The fund’s catalogue of royalties, which includes music from Neil Young, Justin Bieber and Mark Ronson, saw its valuation slashed following an independent valuation earlier this year, worsened by an accounting error discovered in March.

Shares soared 30% in opening Thursday trades.

7.50am: Deliveroo UK lags international order growth

Deliveroo PLC (LSE:ROO)’s cross transaction value (GTV) was up 6% year on year at constant-currency rates in the first quarter, with per-order value increasing 4%.

International order growth outstripped the UK and Ireland market, which saw no growth in order volumes compared to 4% growth internationally.

However, the revenue take rate from those orders fell 2% internationally while adding 2% in the UK and Ireland.

Deliveroo has kicked off a £30 million share buyback programme thanks to positive free cash flow.

Founder and chief executive Will Shu said he was “pleased with the start we have made to this year, building on the strong progress in 2023”.

“We made particularly strong progress in International markets during the quarter, with notable improvements in France, UAE and Hong Kong, and continued strength in Italy.

He said the UK and Ireland consumer environment “remains stable but uncertain”.

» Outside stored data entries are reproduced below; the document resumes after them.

(* Comparing the two decompositions block by block: [P' M Q] read from either
   side gives [t1 P'Q = e^l2 P'Q], etc. *)
Lemma ln_idem_pair P Q P' Q' (l1 l2 t1 t2 : R) :
  idem_pair P Q -> idem_pair P' Q' -> 0 < t1 -> 0 < t2 ->
  expR l1 *: P + expR l2 *: Q = t1 *: P' + t2 *: Q' ->
  l1 *: P + l2 *: Q = ln t1 *: P' + ln t2 *: Q'.
Proof.
move=> [PP QQ PQ QP PQ1] [PP' QQ' PQ' QP' PQ1'] t1_gt0 t2_gt0 eM.
set M := t1 *: P' + t2 *: Q' in eM.
have P'M : P' * M = t1 *: P' by rewrite mulrDr -!scalerAr PP' PQ' scaler0 addr0.
have Q'M : Q' * M = t2 *: Q' by rewrite mulrDr -!scalerAr QQ' QP' scaler0 add0r.
have MP : M * P = expR l1 *: P by rewrite -eM mulrDl -!scalerAl PP QP scaler0 addr0.
have MQ : M * Q = expR l2 *: Q by rewrite -eM mulrDl -!scalerAl QQ PQ scaler0 add0r.
have block (A B : 'M[R]_n.+1) t l : 0 < t -> A * M = t *: A ->
    M * B = expR l *: B -> ln t *: (A * B) = l *: (A * B).
  move=> t_gt0 AM MB; apply: scale_ln_eq => //.
  by rewrite scalerAl -AM -mulrA MB scalerAr.
have eP' : P' * (l1 *: P + l2 *: Q) = ln t1 *: P'.
  rewrite mulrDr -!scalerAr -(block _ _ t1 l1) -?(block _ _ t1 l2) //.
  by rewrite !scalerAr -mulrDr -scalerDr PQ1 -scalerAr mulr1.
have eQ' : Q' * (l1 *: P + l2 *: Q) = ln t2 *: Q'.
  rewrite mulrDr -!scalerAr -(block _ _ t2 l1) -?(block _ _ t2 l2) //.
  by rewrite !scalerAr -mulrDr -scalerDr PQ1 -scalerAr mulr1.
by rewrite -[LHS]mul1r -PQ1' mulrDl eP' eQ'.
Qed.

End IdempotentPair.

Lemma ord2P (i : 'I_2) : i = ord0 \/ i = ord_max.
Proof. by case: i => [[|[|?]]] ? //=; [left|right]; apply/val_inj. Qed.

Ltac mx2_entries :=
  apply/matrixP; intros i j; case: (ord2P i) => ->; case: (ord2P j) => ->.

Section SymmetricTwoByTwo.
Variable R : realType.

Definition symmx (A B C : R) : 'M[R]_2 :=
  \matrix_(i, j) if i == ord0 then (if j == ord0 then A else B)
                 else (if j == ord0 then B else C).

(* The orthogonal projection onto the line of angle [theta], written in terms
   of [c = cos (2 theta)] and [s = sin (2 theta)]. *)
Definition line_proj (c s : R) : 'M[R]_2 :=
  symmx ((1 + c) / 2) (s / 2) ((1 - c) / 2).

Lemma line_proj_idem_pair c s : c ^+ 2 + s ^+ 2 = 1 ->
  idem_pair (line_proj c s) (line_proj (- c) (- s)).
Proof.
move=> cs1; split; mx2_entries; rewrite !mxE /= ?big_ord_recl ?big_ord0 /=.
all: rewrite ?mxE /=; lra.
Qed.

Lemma symmx_trmx A B C : (symmx A B C)^T = symmx A B C.
Proof. by mx2_entries; rewrite !mxE. Qed.

Lemma symmxE (L : 'M[R]_2) : L^T = L ->
  L = symmx (L ord0 ord0) (L ord0 ord_max) (L ord_max ord_max).
Proof.
move=> /matrixP symL; mx2_entries; rewrite !mxE //=.
by rewrite -[LHS]symL mxE.
Qed.

Definition symmx_rad (A B C : R) := Num.sqrt (((A - C) / 2) ^+ 2 + B ^+ 2).

Lemma symmx_rad_sqr A B C : symmx_rad A B C ^+ 2 = ((A - C) / 2) ^+ 2 + B ^+ 2.
Proof. by rewrite sqr_sqrtr // addr_ge0 // sqr_ge0. Qed.

Lemma symmx_spectral A B C (r := symmx_rad A B C) : r != 0 ->
  let c := (A - C) / 2 / r in let s := B / r in
  c ^+ 2 + s ^+ 2 = 1 /\
  symmx A B C = ((A + C) / 2 + r) *: line_proj c s
              + ((A + C) / 2 - r) *: line_proj (- c) (- s).
Proof.
move=> r_neq0 c s; split.
  have -> : c ^+ 2 + s ^+ 2 = (((A - C) / 2) ^+ 2 + B ^+ 2) / r ^+ 2.
    rewrite /c /s; field; exact: r_neq0.
  by rewrite -symmx_rad_sqr divff // sqrf_eq0.
by mx2_entries; rewrite !mxE /= /c /s; field; exact: r_neq0.
Qed.

Lemma symmx_spectral_ex (L : 'M[R]_2) : L^T = L ->
  exists l1 l2 c s, c ^+ 2 + s ^+ 2 = 1 /\
    L = l1 *: line_proj c s + l2 *: line_proj (- c) (- s).
Proof.
move=> /symmxE ->; set A := L _ _; set B := L _ _; set C := L _ _.
have [r0|r_neq0] := eqVneq (symmx_rad A B C) 0; last first.
  by have [cs1 ->] := symmx_spectral r_neq0; do 4 eexists; split; first exact: cs1.
have : ((A - C) / 2) ^+ 2 + B ^+ 2 = 0 by rewrite -symmx_rad_sqr r0 expr0n.
move/eqP; rewrite paddr_eq0 ?sqr_ge0 // !sqrf_eq0 mulf_eq0 invr_eq0 pnatr_eq0 orbF.
rewrite subr_eq0 => /andP[/eqP AC /eqP B0].
exists A, A, 1, 0; split; first by rewrite expr1n expr0n addr0.
by mx2_entries; rewrite !mxE /= ?AC ?B0; lra.
Qed.
(* Let $G$ be a finitely generated virtually nilpotent group, $A\le\operatorname{Aut}(G)$ with $|A|=n$, and let $X=(G,A)$ be the $n$-valued coset group. Then for every $z\in X$ and every $y\in X$ the growth function $\xi_y(r)$ of the $n$-valued dynamic $T_z$ at $y$ has polynomial growth, i.e. there are $C,k>0$ with $\xi_y(r)\le Cr^k$ for all $r\ge1$.
   Context: An $n$-valued group is a set $X$ with an associative $n$-valued multiplication $*:X\times X\to\operatorname{Sym}^nX$ (values are $n$-multi-sets), with unit and inverse, as in Buchstaber's definition; multiplication is extended to multi-sets elementwise with multiplicities. Coset group: for a group $G$ and finite $A\le\operatorname{Aut}(G)$ with $|A|=n$, $X=G/A$ is the set of $A$-orbits with projection $\pi$, and $\pi(g)*\pi(h)=[\pi(g\,a(h)):a\in A]$, unit $\pi(e_G)$, $\operatorname{inv}(\pi(g))=\pi(g^{-1})$. For $z\in X$ the $n$-valued dynamic $T_z$ is $T_z(y)=y*z$, iterated by $T_z^k(y)=T_z^{k-1}(y)*z$. For a multi-set $M$, $\operatorname{Set}(M)$ is the set of distinct elements of $M$. The growth function of $T_z$ at $y$ is $\xi_y(r)=|\operatorname{Set}(T_z^r(y))|$. A group is virtually nilpotent if it has a nilpotent subgroup of finite index. *)

From Stdlib Require Import Reals List ClassicalEpsilon.
Import ListNotations.
Set Implicit Arguments.

Record Grp := {
  car :> Type;
  gmul : car -> car -> car;
  ginv : car -> car;
  gone : car;
  gmulA : forall x y z, gmul x (gmul y z) = gmul (gmul x y) z;
  gmul1 : forall x, gmul gone x = x;
  gmulV : forall x, gmul (ginv x) x = gone
}.

Section GroupDefs.
Variable G : Grp.
Local Notation "x * y" := (gmul G x y).
Local Notation e := (gone G).

Inductive gen (P : G -> Prop) : G -> Prop :=
| gen_in : forall x, P x -> gen P x
| gen_one : gen P e
| gen_mul : forall x y, gen P x -> gen P y -> gen P (x * y)
| gen_inv : forall x, gen P x -> gen P (ginv G x).

Definition finitely_generated : Prop :=
  exists S : list G, forall g, gen (fun x => In x S) g.

Definition is_subgroup (H : G -> Prop) : Prop :=
  H e /\ (forall x y, H x -> H y -> H (x * y)) /\ (forall x, H x -> H (ginv G x)).

Definition finite_index (H : G -> Prop) : Prop :=
  exists R : list G, forall g, exists r h, In r R /\ H h /\ g = r * h.

Definition comm (x y : G) : G := ginv G x * ginv G y * x * y.

Fixpoint lcs (H : G -> Prop) (i : nat) : G -> Prop :=
  match i with
  | O => H
  | S j => gen (fun c => exists x y, H x /\ lcs H j y /\ c = comm x y)
  end.
Lemma gainer_default u : a u < a' u -> a u < total_liab l u.
Proof.
move=> gain; rewrite ltNge; apply/negP => L_le_a.
have := assets_gain_eq u; rewrite payout'E /payout !min_r //; first lra.
exact: le_trans L_le_a (assets_le u).
Qed.

Lemma gainers_closed y u : a y < a' y -> ~~ (a u < a' u) -> l y u = 0.
Proof.
move=> gain_y no_gain_u.
have Tu : ~~ T u by apply: contra no_gain_u; apply: gain_T.
have gap_ge0 v : 0 <= (m' v - m v) * rel_liab l v u.
  by rewrite mulr_ge0 ?subr_ge0 ?payout_le ?rel_liab_ge0.
have := assets_gain_off u Tu; rewrite (_ : a' u - a u = 0); last first.
  by move: no_gain_u (assets_le u); rewrite -leNgt; lra.
move=> /esym/(psumr_eq0P (fun v _ => gap_ge0 v))/(_ y isT)/eqP.
rewrite mulf_eq0 -assets_gain_eq subr_eq0 gt_eqF //= mulf_eq0 invr_eq0.
rewrite (gt_eqF (le_lt_trans (assets_ge0 ax_ge0 cs.1.1 y) (gainer_default y gain_y))).
by rewrite orbF => /eqP.
Qed.

Lemma no_strict_gain_on_support t0 : T t0 -> False.
Proof.
move=> Tt0; apply: (clearing_no_closed_default l_ge0 ax_ge0
  (S := fun u => a u < a' u) cs (gain_T t0 Tt0)).
- exact: gainers_closed.
- exact: gainer_default.
Qed.

End Comparison.

Arguments no_strict_gain_on_support {R V l l' ax ax' T p p'}.

Section Trade.
Context {R : realType} {V : finType}.
Variables (v w : V) (beta : V -> R).
Hypothesis vw : v != w.

Lemma sum_split_pair (F : V -> R) :
  \sum_u F u = F v + F w + \sum_(u | ~~ pred2 v w u) F u.
Proof.
rewrite (bigD1 v) //= (bigD1 w) 1?eq_sym //= addrA; congr (_ + _).
by apply: eq_bigl => u; rewrite negb_or.
Qed.

Lemma trade_liab_off (l : V -> V -> R) y u :
  ~~ pred2 v w u -> trade_liab l v w beta y u = l y u.
Proof.
by rewrite negb_or => /andP [/negPf uv /negPf uw]; rewrite /trade_liab uv uw; case: ifP.
Qed.

Lemma total_liab_trade (l : V -> V -> R) y :
  total_liab (trade_liab l v w beta) y = total_liab l y.
Proof.
rewrite /total_liab; have [-> | yw] := eqVneq y w.
  by apply: eq_bigr => u _; rewrite /trade_liab eqxx.
rewrite !sum_split_pair (eq_bigr _ (trade_liab_off l y)) /trade_liab (negPf yw).
by rewrite eqxx eq_sym (negPf vw) eqxx; lra.
Qed.

Lemma trade_ext_off (ax : V -> R) rho u :
  ~~ pred2 v w u -> trade_ext ax v w rho u = ax u.
Proof. by rewrite negb_or => /andP [/negPf uv /negPf uw]; rewrite /trade_ext uv uw. Qed.

Lemma sum_trade_ext (ax : V -> R) rho :
  \sum_u trade_ext ax v w rho u = \sum_u ax u.
Proof.
rewrite !sum_split_pair (eq_bigr _ (trade_ext_off ax rho)) /trade_ext.
by rewrite eqxx eq_sym (negPf vw) eqxx; lra.
Qed.

Lemma trade_liab_ge0 (l : V -> V -> R) :
  (forall y u, 0 <= l y u) -> (forall u, 0 <= beta u <= 1) ->
  forall y u, 0 <= trade_liab l v w beta y u.
Proof.
move=> l_ge0 beta01 y u; have /andP [b_ge0 b_le1] := beta01 y.
rewrite /trade_liab; case: ifP => // _; case: ifP => _.
  by rewrite mulr_ge0 ?subr_ge0.
by case: ifP => // _; rewrite addr_ge0 ?mulr_ge0.
Qed.

Lemma trade_ext_ge0 (ax : V -> R) rho :
  (forall u, 0 <= ax u) -> 0 <= rho -> rho <= ax w ->
  forall u, 0 <= trade_ext ax v w rho u.
Proof.
move=> ax_ge0 rho_ge0 rho_le u; rewrite /trade_ext.
case: ifP => _; first by rewrite addr_ge0.
by case: ifP => // /eqP ->; rewrite subr_ge0.
Qed.

End Trade.

Arguments trade_liab_ge0 {R V v w beta l}.
Arguments trade_liab_off {R V v w beta l}.
Arguments total_liab_trade {R V v w beta} _ {l}.
Arguments trade_ext_off {R V v w ax rho}.
Arguments sum_trade_ext {R V v w} _ {ax rho}.
Arguments trade_ext_ge0 {R V v w ax rho}.

Lemma trade_return_ge0 (R : realType) (V : finType) (l : V -> V -> R) v w alpha beta :
  (forall y u, 0 <= l y u) -> (forall u, 0 <= alpha u) -> (forall u, 0 <= beta u) ->
  0 <= trade_return l v w alpha beta.
Proof. by move=> *; apply: sumr_ge0 => u _; rewrite !mulr_ge0. Qed.

Theorem proposition1 (R : realType) (V : finType)
    (l : V -> V -> nat) (ax : V -> nat) (v w : V) (alpha beta : V -> R)
    (p p' : V -> V -> R) :
  v != w ->
  (forall u, 0 <= alpha u <= 1) ->
  (forall u, 0 <= beta u <= 1) ->
  trade_return (liabR R l) v w alpha beta <= extR R ax w ->
  clearing_state 1 (liabR R l) (extR R ax) p ->
  clearing_state 1 (trade_liab (liabR R l) v w beta)
    (trade_ext (extR R ax) v w (trade_return (liabR R l) v w alpha beta)) p' ->
  ~ (assets 1 (liabR R l) (extR R ax) p v <
       assets 1 (trade_liab (liabR R l) v w beta)
         (trade_ext (extR R ax) v w (trade_return (liabR R l) v w alpha beta)) p' v
     /\
     assets 1 (liabR R l) (extR R ax) p w <
       assets 1 (trade_liab (liabR R l) v w beta)
         (trade_ext (extR R ax) v w (trade_return (liabR R l) v w alpha beta)) p' w).
Proof.
move=> vw alpha01 beta01 rho_le cs cs' [gain_v gain_w].
have l_ge0 : forall y u, 0 <= liabR R l y u by move=> y u; apply: ler0n.
have ax_ge0 : forall u, 0 <= extR R ax u by move=> u; apply: ler0n.
have rho_ge0 : 0 <= trade_return (liabR R l) v w alpha beta.
  by apply: trade_return_ge0 => // u; [case/andP: (alpha01 u) | case/andP: (beta01 u)].
apply: (no_strict_gain_on_support l_ge0 (trade_liab_ge0 l_ge0 beta01) ax_ge0
  (trade_ext_ge0 ax_ge0 rho_ge0 rho_le) (total_liab_trade vw) trade_liab_off
  trade_ext_off (sum_trade_ext vw) cs cs' _ v).
- by move=> t /orP [] /eqP ->.
- by rewrite /= eqxx.
Qed.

Full-year guidance was maintained at GTV growth in the range of 5-9% and adjusted earnings in the range of £110-130 million.

7.27am: easyJet losses narrow

easyJet PLC reduced its winter losses by more than £50 million compared to last year due to a 9% year-on-year growth in both ticket yields and 10% growth in extras.

Headline losses before tax are expected to be between £340 and £360 million, per today’s interim trading update.

In the first half of the financial year, easyJet increased its capacity by approximately 8% to accommodate the growing demand at the budget airline, which recently reclaimed its spot as a FTSE 100 constituent.

Looking ahead, easyJet expects third-quarter revenues to be “slightly” up year on year, helped by the Easter peak falling into March.

For the fourth quarter, revenue per seat is anticipated to remain significantly ahead year-on-year, with about 30% of capacity already sold.

Chief executive Johan Lundgren said: “We have further enhanced our network with the launch of new bases in Alicante and Birmingham providing greater choice for consumers across Europe.

“We are well set up operationally for this summer season where we expect easyJet to be one of the fastest growing major airlines in Europe and take more customers on easyJet holidays than ever before.”

He noted that the onset of the conflict in the Middle East “resulted in a pause in flights to Israel and Jordan and a temporary slowdown in flight bookings for the wider industry”.

7.12am: Blue-chip index to add 35 points

The FTSE 100 is expected to open higher today after finishing up 28 points higher at 7,848 on Wednesday.

Despite trading in the red for a large chunk of the session, the blue-chip index recovered thanks to a strong showing for mining stocks including Anglo American, Fresnillo, Antofagasta and Rio Tinto.

A momentary respite in knife-edge tensions between Iran and Israel appears to be bolstering market sentiment for now.

Without any major announcements on the macroeconomic calendar this morning, attention turns to trading updates from the likes of wealth platform AJ Bell, homewares retailer Dunelm and Rentokil, plus an interim earnings report from easyJet.

Futures contracts have the FTSE 100 adding 35 points to 7,892.